- **TASK STATEMENT**: All that should come back is the lines of the data below from the one containing "(nth_map (0, 0))." to the one containing "Hypothesis w_blocks : forall", inclusive, exactly as they stand.

PROVIDED RECORDS START

Section ChoiceString.
Variables (n k i j : nat) (E : seq (nat * nat)).
Hypotheses (i_gt0 : 0 < i) (lt_ij : i < j) (le_jk : j <= k).
Hypothesis E_valid : all (valid_edge n) E.
Local Notation N := (n * k ^ 3).
Local Notation L := (Len n k).
Local Notation c := (choice_string n k E i j).

Lemma size_block e : valid_edge n e -> size (block n k i j e) = L.
Proof. by move=> e_valid; rewrite size_cat size_encode // Len_front_tag. Qed.

Lemma blocks_uniform : all (fun b => size b == L) [seq block n k i j e | e <- E].
Proof. by rewrite all_map; apply: sub_all E_valid => e /size_block /= ->. Qed.

Lemma size_choice_string : size c = size E * L.
Proof. by rewrite (size_flatten_uniform blocks_uniform) size_map. Qed.

Lemma choice_string_tagged y : y < size c ->
  y %% L < N * N.+1 -> y %% L %% N.+1 != N -> nth false c y.
Proof.
rewrite size_choice_string => lt_y lt_o o_one.
have L_gt0 : 0 < L by case: posnP lt_y => // ->; rewrite muln0.
rewrite (nth_flatten_uniform _ _ L_gt0 blocks_uniform) (nth_map (0, 0)) ?ltn_divLR //.
by rewrite nth_cat size_front_tag ltn_addr // nth_front_tag lt_o o_one.
Qed.

Lemma aligned_substr_choice_string p : 0 < n -> p + L <= size c -> p %% L = 0 ->
  exists2 e, valid_edge n e & substr c p L = block n k i j e.
Proof.
move=> n_gt0 fits p_aligned; have L_gt0 : 0 < L by rewrite Len_front_tag; nia.
have p_eq : p = p %/ L * L by rewrite {1}(divn_eq p L) p_aligned addn0.
have lt_q : p %/ L < size E.
  by rewrite -(ltn_pmul2r L_gt0) -p_eq -size_choice_string; lia.
exists (nth (0, 0) E (p %/ L)); first exact: all_nthP.
by rewrite /substr {1}p_eq (take_drop_flatten_uniform blocks_uniform) ?size_map // (nth_map (0, 0)).
Qed.

Lemma close_match_block s p : 0 < n -> 3 <= k -> size s = L -> p + L <= size c ->
  hamming s (substr c p L) + hamming s (template n k) <= dist_bound n k ->
  exists2 e, valid_edge n e & substr c p L = block n k i j e.
Proof.
move=> n_gt0 k_ge3 size_s fits close; apply: aligned_substr_choice_string => //.
apply/eqP; apply: contraTT close => misaligned; rewrite -ltnNge.
have nk_gt0 : 0 < n * k by rewrite muln_gt0 n_gt0; lia.
have far := misaligned_far_from_template choice_string_tagged fits nk_gt0 misaligned.
have size_w := size_substr fits.
have := hamming_triangle (etrans size_w (esym size_s)) (etrans size_s (esym (size_template n k))).
rewrite [hamming _ s]hamming_sym; have := dist_bound_lt n_gt0 k_ge3; lia.
Qed.

End ChoiceString.

Lemma substr_template n k p : p + Len n k <= size (template n k) ->
  substr (template n k) p (Len n k) = template n k.
Proof.
rewrite size_template => fits; have -> : p = 0 by lia.
by rewrite /substr drop0 take_oversize // size_template.
Qed.

Lemma num_templates_gt0 k : 3 <= k -> 0 < num_templates k.
Proof. by move=> k_ge3; have := double_num_templates k; nia. Qed.

Section FrontOfSolution.
Variables (n k : nat) (s : seq bool) (w : nat * nat -> seq bool).
Hypotheses (n_gt0 : 0 < n) (k_ge2 : 2 <= k) (size_s : size s = Len n k).
Hypothesis w_blocks : forall ij, ij \in pairs k ->
  exists2 e, valid_edge n e & w ij = block n k ij.1 ij.2 e.
Local Notation F := (front_tag n k).
Local Notation tail ij := (drop (size F) (w ij)).

Lemma tail_encode ij : ij \in pairs k ->
  exists2 e, valid_edge n e & tail ij = encode n k ij.1 ij.2 e.
Proof. by move=> /w_blocks[e e_valid ->]; exists e; rewrite // drop_size_cat. Qed.

Lemma size_tail ij : ij \in pairs k -> size (tail ij) = n * k.
Proof.
move=> ij_in; have [e e_valid ->] := tail_encode ij_in.
by move: ij_in; rewrite mem_pairs => /andP[/andP[i_gt0 lt_ij] le_jk]; apply: size_encode.
Qed.

Lemma tails_sparse x : x < n * k -> count (fun ij => nth false (tail ij) x) (pairs k) <= k.-1.
Proof.
move=> lt_x; apply: leq_trans (count_pairs_touching (_ : 0 < (x %/ n).+1 <= k)); last first.
  by rewrite ltnS ltn_divLR // mulnC.
apply: sub_in_count => ij ij_in; have [e e_valid ->] := tail_encode ij_in.
by move: ij_in; rewrite mem_pairs => /andP[/andP[i_gt0 lt_ij] le_jk]; apply: encode_support.
Qed.

Lemma solution_front_tag :
  \sum_(ij <- pairs k) hamming s (w ij) + num_templates k * hamming s (template n k)
    <= dist_bound n k ->
  prefix F s.
Proof.
set s1 := drop (size F) s; set T := num_templates k.
have size_s1 : size s1 = n * k by rewrite size_drop size_s Len_front_tag addKn.
have s_split : s = take (size F) s ++ s1 by rewrite cat_take_drop.
have size_s0 : size (take (size F) s) = size F.
  by rewrite size_takel // size_s Len_front_tag leq_addr.
set h0 := hamming (take (size F) s) F.
have ham_w : {in pairs k, forall ij, hamming s (w ij) = h0 + hamming s1 (tail ij)}.
  by move=> ij /w_blocks[e _ ->]; rewrite {1}s_split hamming_cat // drop_size_cat.
rewrite (eq_big_seq _ ham_w) big_split big_const_seq count_predT iter_addn_0 /=.
rewrite {1}s_split /template hamming_cat // -/h0 mulnDr size_pairs => total.
have column : T * (n * k) <=
    \sum_(u <- [seq tail ij | ij <- pairs k]) hamming s1 u + T * hamming s1 (nseq (n * k) true).
  apply: leq_sum_hamming_ones size_s1 _ _ => [|x lt_x].
    by apply/allP => _ /mapP[ij ij_in ->]; rewrite size_tail.
  by rewrite size_map size_pairs -num_templates_add count_map leq_add2l tails_sparse.
rewrite big_map in column; rewrite /dist_bound -/T in total.
have C_gt0 : 0 < 'C(k, 2) by rewrite bin_gt0.
have /eqP : h0 = 0 by nia.
by rewrite hamming_eq0 // => /eqP take_F; rewrite s_split take_F prefix_prefix.
Qed.

End FrontOfSolution.

Theorem lemma6 (n k : nat) (E : seq (nat * nat)) (s : seq bool)
    (pc : nat -> nat -> nat) (pt : nat -> nat) :
  3 <= k ->
  simple_graph n E ->
  size s = Len n k ->
  (forall ij, ij \in pairs k ->
     pc ij.1 ij.2 + Len n k <= size (choice_string n k E ij.1 ij.2)) ->
  (forall t, t < num_templates k -> pt t + Len n k <= size (template n k)) ->
  \sum_(ij <- pairs k)
      hamming s (substr (choice_string n k E ij.1 ij.2) (pc ij.1 ij.2) (Len n k))
  + \sum_(t < num_templates k)
      hamming s (substr (template n k) (pt t) (Len n k))
  <= dist_bound n k ->
  prefix (front_tag n k) s /\
  (forall ij, ij \in pairs k ->
     prefix (front_tag n k)
       (substr (choice_string n k E ij.1 ij.2) (pc ij.1 ij.2) (Len n k))) /\
  (forall t, t < num_templates k ->
     prefix (front_tag n k) (substr (template n k) (pt t) (Len n k))).
Proof.
move=> k_ge3 /andP[_ E_valid] size_s pc_fits pt_fits.
have [-> | n_gt0] := posnP n.
  by rewrite /front_tag mul0n; do !split=> *; apply: prefix0s.
under [X in _ + X]eq_bigr => t _ do rewrite substr_template ?pt_fits //.
rewrite big_const_ord iter_addn_0 mulnC => total.
set w := fun ij : nat * nat => substr (choice_string n k E ij.1 ij.2) (pc ij.1 ij.2) (Len n k).
have w_blocks ij : ij \in pairs k -> exists2 e, valid_edge n e & w ij = block n k ij.1 ij.2 e.
  move=> ij_in; move: (ij_in); rewrite mem_pairs => /andP[/andP[i_gt0 lt_ij] le_jk].
  apply: close_match_block size_s _ _ => //; first exact: pc_fits.
  apply: leq_trans total; apply: leq_add; first by rewrite (big_rem ij) //= leq_addr.
  by rewrite leq_pmull // num_templates_gt0.
split; first exact: solution_front_tag n_gt0 (ltnW k_ge3) size_s w_blocks total.
split=> [ij /w_blocks[e _ w_block] | t /pt_fits/substr_template ->]; last exact: prefix_prefix.
by rewrite -/(w ij) w_block prefix_prefix.
Qed.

PROVIDED RECORDS END

- **RESULT OF THIS EXERCISE**:
by rewrite /substr {1}p_eq (take_drop_flatten_uniform blocks_uniform) ?size_map // (nth_map (0, 0)).
Qed.

Lemma close_match_block s p : 0 < n -> 3 <= k -> size s = L -> p + L <= size c ->
  hamming s (substr c p L) + hamming s (template n k) <= dist_bound n k ->
  exists2 e, valid_edge n e & substr c p L = block n k i j e.
Proof.
move=> n_gt0 k_ge3 size_s fits close; apply: aligned_substr_choice_string => //.
apply/eqP; apply: contraTT close => misaligned; rewrite -ltnNge.
have nk_gt0 : 0 < n * k by rewrite muln_gt0 n_gt0; lia.
have far := misaligned_far_from_template choice_string_tagged fits nk_gt0 misaligned.
have size_w := size_substr fits.
have := hamming_triangle (etrans size_w (esym size_s)) (etrans size_s (esym (size_template n k))).
rewrite [hamming _ s]hamming_sym; have := dist_bound_lt n_gt0 k_ge3; lia.
Qed.

End ChoiceString.

Lemma substr_template n k p : p + Len n k <= size (template n k) ->
  substr (template n k) p (Len n k) = template n k.
Proof.
rewrite size_template => fits; have -> : p = 0 by lia.
by rewrite /substr drop0 take_oversize // size_template.
Qed.

Lemma num_templates_gt0 k : 3 <= k -> 0 < num_templates k.
Proof. by move=> k_ge3; have := double_num_templates k; nia. Qed.

Section FrontOfSolution.
Variables (n k : nat) (s : seq bool) (w : nat * nat -> seq bool).
Hypotheses (n_gt0 : 0 < n) (k_ge2 : 2 <= k) (size_s : size s = Len n k).
Hypothesis w_blocks : forall ij, ij \in pairs k ->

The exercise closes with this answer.